(* For the information exchange $\mathcal{E}$, failure model $SO_t$ and decision protocol $P'$ described in the context, $P'$ is an SBA protocol with respect to $\mathcal{E}$ and $SO_t$, i.e., in every run $r$ of $\mathcal{I}_{P',\mathcal{E},SO_t}$: (Unique-Decision) each agent performs an action $\mathtt{decide}_i(v)$ at most once; (Simultaneous-Agreement) if a nonfaulty agent $i$ performs $\mathtt{decide}_i(v)$ at time $m$ then every nonfaulty agent $j$ performs $\mathtt{decide}_j(v)$ at time $m$; (Validity) if a nonfaulty agent performs $\mathtt{decide}_i(v)$ then some agent has initial value $v$ in $r$.
   Context: Agents $\mathrm{Agt}=\{1,\dots,n\}$, a bound $t\le n$, decision values $V=\{0,1\}$, actions $A_i=\{\mathtt{noop},\mathtt{decide}_i(0),\mathtt{decide}_i(1)\}$. Information exchange $\mathcal{E}$: agent $i$'s local states are tuples $\langle\mathit{init}_i,\mathit{known}_i,\mathit{new}_i,\mathit{kfaulty}_i,\mathit{done}_i,\mathit{time}_i\rangle$ with $\mathit{init}_i\in\{0,1\}$, $\mathit{known}_i,\mathit{new}_i\subseteq\{0,1\}$, $\mathit{kfaulty}_i\subseteq\mathrm{Agt}$, $\mathit{done}_i\in\{0,1\}$, $\mathit{time}_i\in\mathbb{N}$; initial states have $\mathit{known}_i=\mathit{new}_i=\{\mathit{init}_i\}$, $\mathit{kfaulty}_i=\emptyset$, $\mathit{done}_i=\mathit{time}_i=0$. Messages are $\bot$ or pairs $\langle N,F\rangle$ with $N\subseteq\{0,1\}$, $F\subseteq\mathrm{Agt}$. In each round agent $i$ sends the same message to every agent $j\in\mathrm{Agt}$ (including itself): $\langle\emptyset,\emptyset\rangle$ if $\mathit{done}_i=1$ or its action is a $\mathtt{decide}$ action, and $\langle\mathit{new}_i,\mathit{kfaulty}_i\rangle$ otherwise. Update after action $a$ and receiving messages, where $J$ is the set of agents from which a (non-$\bot$) message $\langle N_j,F_j\rangle$ is received: $\mathit{init}$ unchanged; $\mathit{known}'_i=\mathit{known}_i\cup\bigcup_{j\in J}N_j$; $\mathit{new}'_i=\mathit{known}'_i\setminus\mathit{known}_i$; $\mathit{kfaulty}'_i=\mathit{kfaulty}_i\cup(\mathrm{Agt}\setminus J)\cup\bigcup_{j\in J}F_j$; $\mathit{done}'_i=1$ if $a$ is a $\mathtt{decide}$ action, else $\mathit{done}_i$; $\mathit{time}'_i=\mathit{time}_i+1$. Decision protocol $P'$: $P'_i(s)=\mathtt{decide}_i(v)$ if $\mathit{done}_i=0$, $v$ is the least element of $\mathit{known}_i$, and either $\mathit{time}_i=t+1$ or $\mathit{kfaulty}_i=\mathrm{Agt}\setminus\{i\}$; otherwise $P'_i(s)=\mathtt{noop}$. Failure model $SO_t$ (sending omissions): in each run there is a set of at most $t$ agents, and the only failures are that in any round, some messages sent by these agents (to any recipients, possibly themselves) may be lost (received as $\bot$); all other messages are delivered and local states evolve without perturbation. Runs of $\mathcal{I}_{P',\mathcal{E},SO_t}$ start from any combination of initial states and any such failure pattern; at each time $k$ each agent $i$ performs $P'_i$ of its current state, sends its messages, and updates its state from the messages it receives in round $k+1$. An agent is nonfaulty in a run if none of its messages is ever lost. *)

From mathcomp Require Import all_boot.
Set Implicit Arguments. Unset Strict Implicit. Unset Printing Implicit Defensive.

(* Decision values V = {0,1} are encoded as bool: 0 = false, 1 = true. *)
Definition V := bool.

Definition leastV (K : {set V}) : V := if false \in K then false else true.

Section Model.
Variable n : nat.
Notation Agt := 'I_n.

Record lstate := LState {
  init_ : V;
  known_ : {set V};
  new_ : {set V};
  kfaulty_ : {set Agt};
  done_ : bool;
  time_ : nat }.

(* actions noop / decide_i(v) (agent index implicit: the agent acting) *)
Inductive action := Noop | Decide of V.

(* messages: None = bot (lost), Some (N, F) = <N, F> *)
Definition msg := option ({set V} * {set Agt}).

Definition init_state (v : V) : lstate :=
  LState v [set v] [set v] set0 false 0.

Definition Pprime (t : nat) (i : Agt) (s : lstate) : action :=
  if ~~ done_ s && ((time_ s == t.+1) || (kfaulty_ s == [set j | j != i]))
  then Decide (leastV (known_ s)) else Noop.

Definition send (s : lstate) (a : action) : {set V} * {set Agt} :=
  if done_ s then (set0, set0)
  else if a is Decide _ then (set0, set0) else (new_ s, kfaulty_ s).

Definition msgN (m : msg) : {set V} := if m is Some p then p.1 else set0.
Definition msgF (m : msg) : {set Agt} := if m is Some p then p.2 else set0.

Definition update (s : lstate) (a : action) (rcv : Agt -> msg) : lstate :=
  let known' := known_ s :|: \bigcup_(j : Agt) msgN (rcv j) in
  LState (init_ s)
         known'
         (known' :\: known_ s)
         (kfaulty_ s :|: [set j | rcv j == None] :|: \bigcup_(j : Agt) msgF (rcv j))
         (if a is Decide _ then true else done_ s)
         (time_ s).+1.

(* A run is determined by the initial values and the failure pattern
   lost k j i = "the message sent by j to i in round k+1 is lost". *)
Variables (t : nat) (init : Agt -> V) (lost : nat -> Agt -> Agt -> bool).

Fixpoint state (k : nat) : Agt -> lstate :=
  match k with
  | 0 => fun i => init_state (init i)
  | k'.+1 => fun i =>
      let st := state k' in
      update (st i) (Pprime t i (st i))
        (fun j => if lost k' j i then None
                  else Some (send (st j) (Pprime t j (st j))))
  end.

Definition act (k : nat) (i : Agt) : action := Pprime t i (state k i).

Definition nonfaulty (i : Agt) : Prop := forall k j, lost k i j = false.

Definition unique_decision : Prop :=
  forall i m1 m2 v1 v2, act m1 i = Decide v1 -> act m2 i = Decide v2 -> m1 = m2.

Definition simultaneous_agreement : Prop :=
  forall i j m v, nonfaulty i -> nonfaulty j ->
    act m i = Decide v -> act m j = Decide v.

Definition validity : Prop :=
  forall i m v, nonfaulty i -> act m i = Decide v -> exists j, init j = v.

End Model.

Definition SO_pattern (n t : nat) (lost : nat -> 'I_n -> 'I_n -> bool) : Prop :=
  exists Fa : {set 'I_n}, #|Fa| <= t /\ (forall k i j, lost k i j -> i \in Fa).

(* Two nonfaulty agents never suspect each other, so neither can take the early
   decision: both stay undecided and relay what they learn until time t+1, when
   each decides the least value it knows.  They know the same values then.  A
   value that a nonfaulty agent learns by time t is relayed to everybody in the
   next round; so if a value reaches a nonfaulty agent only in round t+1 while
   another nonfaulty agent misses it, it travelled along a chain of t+1 distinct
   agents that all knew it at time t, and all of them must be faulty, which is
   more than t faulty agents.  Validity holds because every known value is an
   initial value, and unique decision because [done_] stays set. *)

From mathcomp Require Import all_boot.
Set Implicit Arguments. Unset Strict Implicit. Unset Printing Implicit Defensive.

Section Run.
Variables (n t : nat) (init : 'I_n -> V) (lost : nat -> 'I_n -> 'I_n -> bool).
Notation st k i := (state t init lost k i).
Notation ac k i := (act t init lost k i).

Definition received (k : nat) (i j : 'I_n) : msg n :=
  if lost k j i then None else Some (send (st k j) (Pprime t j (st k j))).

Lemma state_succ k i : st k.+1 i = update (st k i) (ac k i) (received k i).
Proof. by []. Qed.

Lemma time_state k i : time_ (st k i) = k.
Proof. by elim: k i => [|k IH] i //=; rewrite IH. Qed.

Lemma done_succ k i :
  done_ (st k.+1 i) = if ac k i is Decide _ then true else done_ (st k i).
Proof. by []. Qed.

Lemma done_mono i k k' : k <= k' -> done_ (st k i) -> done_ (st k' i).
Proof.
apply: (@homo_leq _ (fun k => done_ (st k i)) (fun b b' : bool => b -> b')) => //.
  by move=> b2 b1 b3 imp12 imp23 /imp12 /imp23.
by move=> l; rewrite done_succ; case: (ac l i).
Qed.

Lemma act_Decide k i v : ac k i = Decide v ->
  [/\ ~~ done_ (st k i), v = leastV (known_ (st k i)) &
      (k == t.+1) || (kfaulty_ (st k i) == [set j | j != i])].
Proof.
rewrite /act /Pprime time_state.
by case: (done_ (st k i)) => //=; case: ifP => // ? [<-].
Qed.

Lemma act_last_round i :
  ~~ done_ (st t.+1 i) -> ac t.+1 i = Decide (leastV (known_ (st t.+1 i))).
Proof. by rewrite /act /Pprime time_state eqxx => ->. Qed.

Lemma Pprime_unique_decision : unique_decision t init lost.
Proof.
suff earlier i m1 m2 v1 v2 : m1 < m2 -> ac m1 i = Decide v1 -> ac m2 i <> Decide v2.
  move=> i m1 m2 v1 v2 dec1 dec2; case: (ltngtP m1 m2) => [lt12|lt21|//].
  - by case: (earlier i m1 m2 v1 v2 lt12 dec1).
  - by case: (earlier i m2 m1 v2 v1 lt21 dec2).
move=> lt12 dec1 /act_Decide [undone2 _ _].
have done1 : done_ (st m1.+1 i) by rewrite done_succ dec1.
by rewrite (done_mono lt12 done1) in undone2.
Qed.

Lemma new_sub_known k i : new_ (st k i) \subset known_ (st k i).
Proof. by case: k => [|k] //=; apply: subsetDl. Qed.

Lemma known_succE k i : known_ (st k.+1 i) = known_ (st k i) :|: new_ (st k.+1 i).
Proof. by apply/setP => x; rewrite state_succ !inE; case: (x \in _). Qed.

Lemma known_mono i k k' : k <= k' -> known_ (st k i) \subset known_ (st k' i).
Proof.
apply: (@homo_leq _ (fun k => known_ (st k i)) (fun A B => A \subset B)).
- exact: subxx.
- by move=> B A C; apply: subset_trans.
- by move=> l; rewrite known_succE subsetUl.
Qed.

Lemma init_known k i : init i \in known_ (st k i).
Proof. by apply: subsetP (known_mono i (leq0n k)) _ _; rewrite inE. Qed.

Lemma new_succ_received k i v :
  v \in new_ (st k.+1 i) -> exists j, v \in new_ (st k j).
Proof.
rewrite state_succ /= inE => /andP [fresh /setUP [old|]]; first by rewrite old in fresh.
case/bigcupP=> j _; rewrite /received; case: (lost k j i); first by rewrite inE.
rewrite /send /=; case: (done_ _); first by rewrite inE.
by case: (Pprime _ _ _) => [|_] /=; [exists j | rewrite inE].
Qed.

Lemma new_delivered k i j :
  ~~ lost k j i -> ~~ done_ (st k j) -> ac k j = Noop ->
  new_ (st k j) \subset known_ (st k.+1 i).
Proof.
move=> delivered undone noop; apply/subsetP => v v_new.
rewrite state_succ inE; apply/orP; right; apply/bigcupP; exists j => //.
by rewrite /received (negbTE delivered) /send (negbTE undone) -/(act _ _ _ k j) noop.
Qed.

Lemma first_new k i v : v \in known_ (st k i) -> exists2 l, l <= k & v \in new_ (st l i).
Proof.
elim: k => [|k IH]; first by exists 0.
rewrite known_succE => /setUP [/IH [l le_lk v_new]|]; last by exists k.+1.
by exists l => //; apply: leqW.
Qed.

Lemma known_init_value k i v : v \in known_ (st k i) -> exists j, init j = v.
Proof.
elim: k i v => [|k IH] i v; first by rewrite inE => /eqP ->; exists i.
rewrite known_succE => /setUP [/IH //|/new_succ_received [j v_new]].
exact: IH (subsetP (new_sub_known k j) _ v_new).
Qed.

Definition knowers k v := [set g | v \in known_ (st k g)].

Lemma in_knowers k v g : (g \in knowers k v) = (v \in known_ (st k g)).
Proof. by rewrite inE. Qed.

(* A value first learnt at time [l] has passed through a chain of [l+1]
   distinct agents, each learning it one round later than the previous one. *)
Lemma card_knowers l i v : v \in new_ (st l i) -> l < #|knowers l v|.
Proof.
elim: l i => [|l IH] i v_new.
  by apply/card_gt0P; exists i; rewrite in_knowers (subsetP (new_sub_known 0 i)).
have [j /IH lt_l] := new_succ_received v_new.
apply: leq_ltn_trans lt_l (proper_card _); apply/properP; split.
  by apply/subsetP => g; rewrite !in_knowers; apply: (subsetP (known_mono g (leqnSn l))).
exists i; rewrite in_knowers; first exact: subsetP (new_sub_known _ i) _ v_new.
by move: v_new; rewrite state_succ inE => /andP [].
Qed.

Lemma leastV_mem (K : {set V}) v : v \in K -> leastV K \in K.
Proof. by rewrite /leastV; case: ifP => // false_notin; case: v => //; rewrite false_notin. Qed.

Lemma Pprime_validity : validity t init lost.
Proof.
move=> i m v _ /act_Decide [_ -> _].
exact: known_init_value (leastV_mem (init_known m i)).
Qed.

Lemma kfaulty_lost k i j : j \in kfaulty_ (st k i) -> exists k' l, lost k' j l.
Proof.
elim: k i => [|k IH] i; first by rewrite inE.
rewrite state_succ /= => /setUP [/setUP [/IH //|]|].
  by rewrite inE /received; case lost_kji: (lost k j i) => // _; exists k, i.
case/bigcupP=> l _; rewrite /received; case: (lost k l i); first by rewrite inE.
rewrite /send /=; case: (done_ _); first by rewrite inE.
by case: (Pprime _ _ _) => [|_] /=; [apply: IH | rewrite inE].
Qed.

Lemma nonfaulty_notin_kfaulty k i j : nonfaulty lost j -> j \notin kfaulty_ (st k i).
Proof. by move=> nf_j; apply/negP => /kfaulty_lost [k' [l]]; rewrite nf_j. Qed.

Section OtherNonfaulty.
Variables (i j : 'I_n).
Hypotheses (nf_j : nonfaulty lost j) (neq_ij : i != j).

(* [j] never enters [kfaulty_ (st k i)], so the early-decision trigger of [Pprime] never fires. *)
Lemma act_Decide_at_last_round k v : ac k i = Decide v -> k = t.+1.
Proof.
case/act_Decide=> _ _ /orP [/eqP //|/eqP all_faulty].
by have := nonfaulty_notin_kfaulty k i nf_j; rewrite all_faulty inE eq_sym neq_ij.
Qed.

Lemma undecided_before_last_round k : k <= t -> ~~ done_ (st k i) /\ ac k i = Noop.
Proof.
have noop l : l <= t -> ac l i = Noop.
  by case dec: (ac l i) => [//|v]; rewrite (act_Decide_at_last_round dec) ltnn.
move=> le_kt; split; last exact: noop.
by elim: k le_kt => [//|k IH] lt_kt; rewrite done_succ noop ?IH // ltnW.
Qed.

End OtherNonfaulty.

Lemma nonfaulty_known_spreads g j v : nonfaulty lost g -> nonfaulty lost j ->
  v \in known_ (st t g) -> v \in known_ (st t.+1 j).
Proof.
move=> nf_g nf_j v_known; have [<-|neq_gj] := eqVneq g j.
  exact: subsetP (known_mono g (leqnSn t)) _ v_known.
have [l le_lt v_new] := first_new v_known.
have [undone noop] := undecided_before_last_round nf_j neq_gj le_lt.
apply: subsetP (known_mono j (le_lt : l.+1 <= t.+1)) _ _.
by apply: subsetP (new_delivered (negbT (nf_g l j)) undone noop) _ v_new.
Qed.

Section Agreement.
Variable faulty : {set 'I_n}.
Hypotheses (card_faulty : #|faulty| <= t)
           (lost_faulty : forall k i j, lost k i j -> i \in faulty).

Lemma nonfaulty_known_last i j v : nonfaulty lost i -> nonfaulty lost j ->
  v \in known_ (st t.+1 i) -> v \in known_ (st t.+1 j).
Proof.
move=> nf_i nf_j; rewrite known_succE => /setUP [|v_new].
  exact: nonfaulty_known_spreads.
apply/contraT => v_unknown.
have [g /card_knowers many_knowers] := new_succ_received v_new.
suff /subset_leq_card le_faulty : knowers t v \subset faulty.
  by rewrite ltnNge (leq_trans le_faulty card_faulty) in many_knowers.
apply/subsetP => h; rewrite in_knowers => h_knows; apply/contraT => h_ok.
have nf_h : nonfaulty lost h by move=> k l; apply/contraNF: h_ok; apply: lost_faulty.
by rewrite (nonfaulty_known_spreads nf_h nf_j h_knows) in v_unknown.
Qed.

Lemma Pprime_simultaneous_agreement : simultaneous_agreement t init lost.
Proof.
move=> i j m v nf_i nf_j dec_i; have [<-//|neq_ij] := eqVneq i j.
have last_m := act_Decide_at_last_round nf_j neq_ij dec_i; subst m.
have [_ -> _] := act_Decide dec_i.
have neq_ji : j != i by rewrite eq_sym.
have [undone noop] := undecided_before_last_round nf_i neq_ji (leqnn t).
have -> : known_ (st t.+1 i) = known_ (st t.+1 j).
  by apply/setP => x; apply/idP/idP; apply: nonfaulty_known_last.
by apply: act_last_round; rewrite done_succ noop.
Qed.

End Agreement.
End Run.

Theorem proposition17 (n t : nat) (ht : t <= n)
    (init : 'I_n -> V) (lost : nat -> 'I_n -> 'I_n -> bool)
    (hSO : SO_pattern t lost) :
  unique_decision t init lost /\
  simultaneous_agreement t init lost /\
  validity t init lost.
Proof.
have [faulty [card_faulty lost_faulty]] := hSO.
split; first exact: Pprime_unique_decision.
split; last exact: Pprime_validity.
exact: Pprime_simultaneous_agreement card_faulty lost_faulty.
Qed.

**BRIEF**. Look through the data above and return each line where the string "suff" occurs.

**PROBLEM SOLUTION**.
suff earlier i m1 m2 v1 v2 : m1 < m2 -> ac m1 i = Decide v1 -> ac m2 i <> Decide v2.
suff /subset_leq_card le_faulty : knowers t v \subset faulty.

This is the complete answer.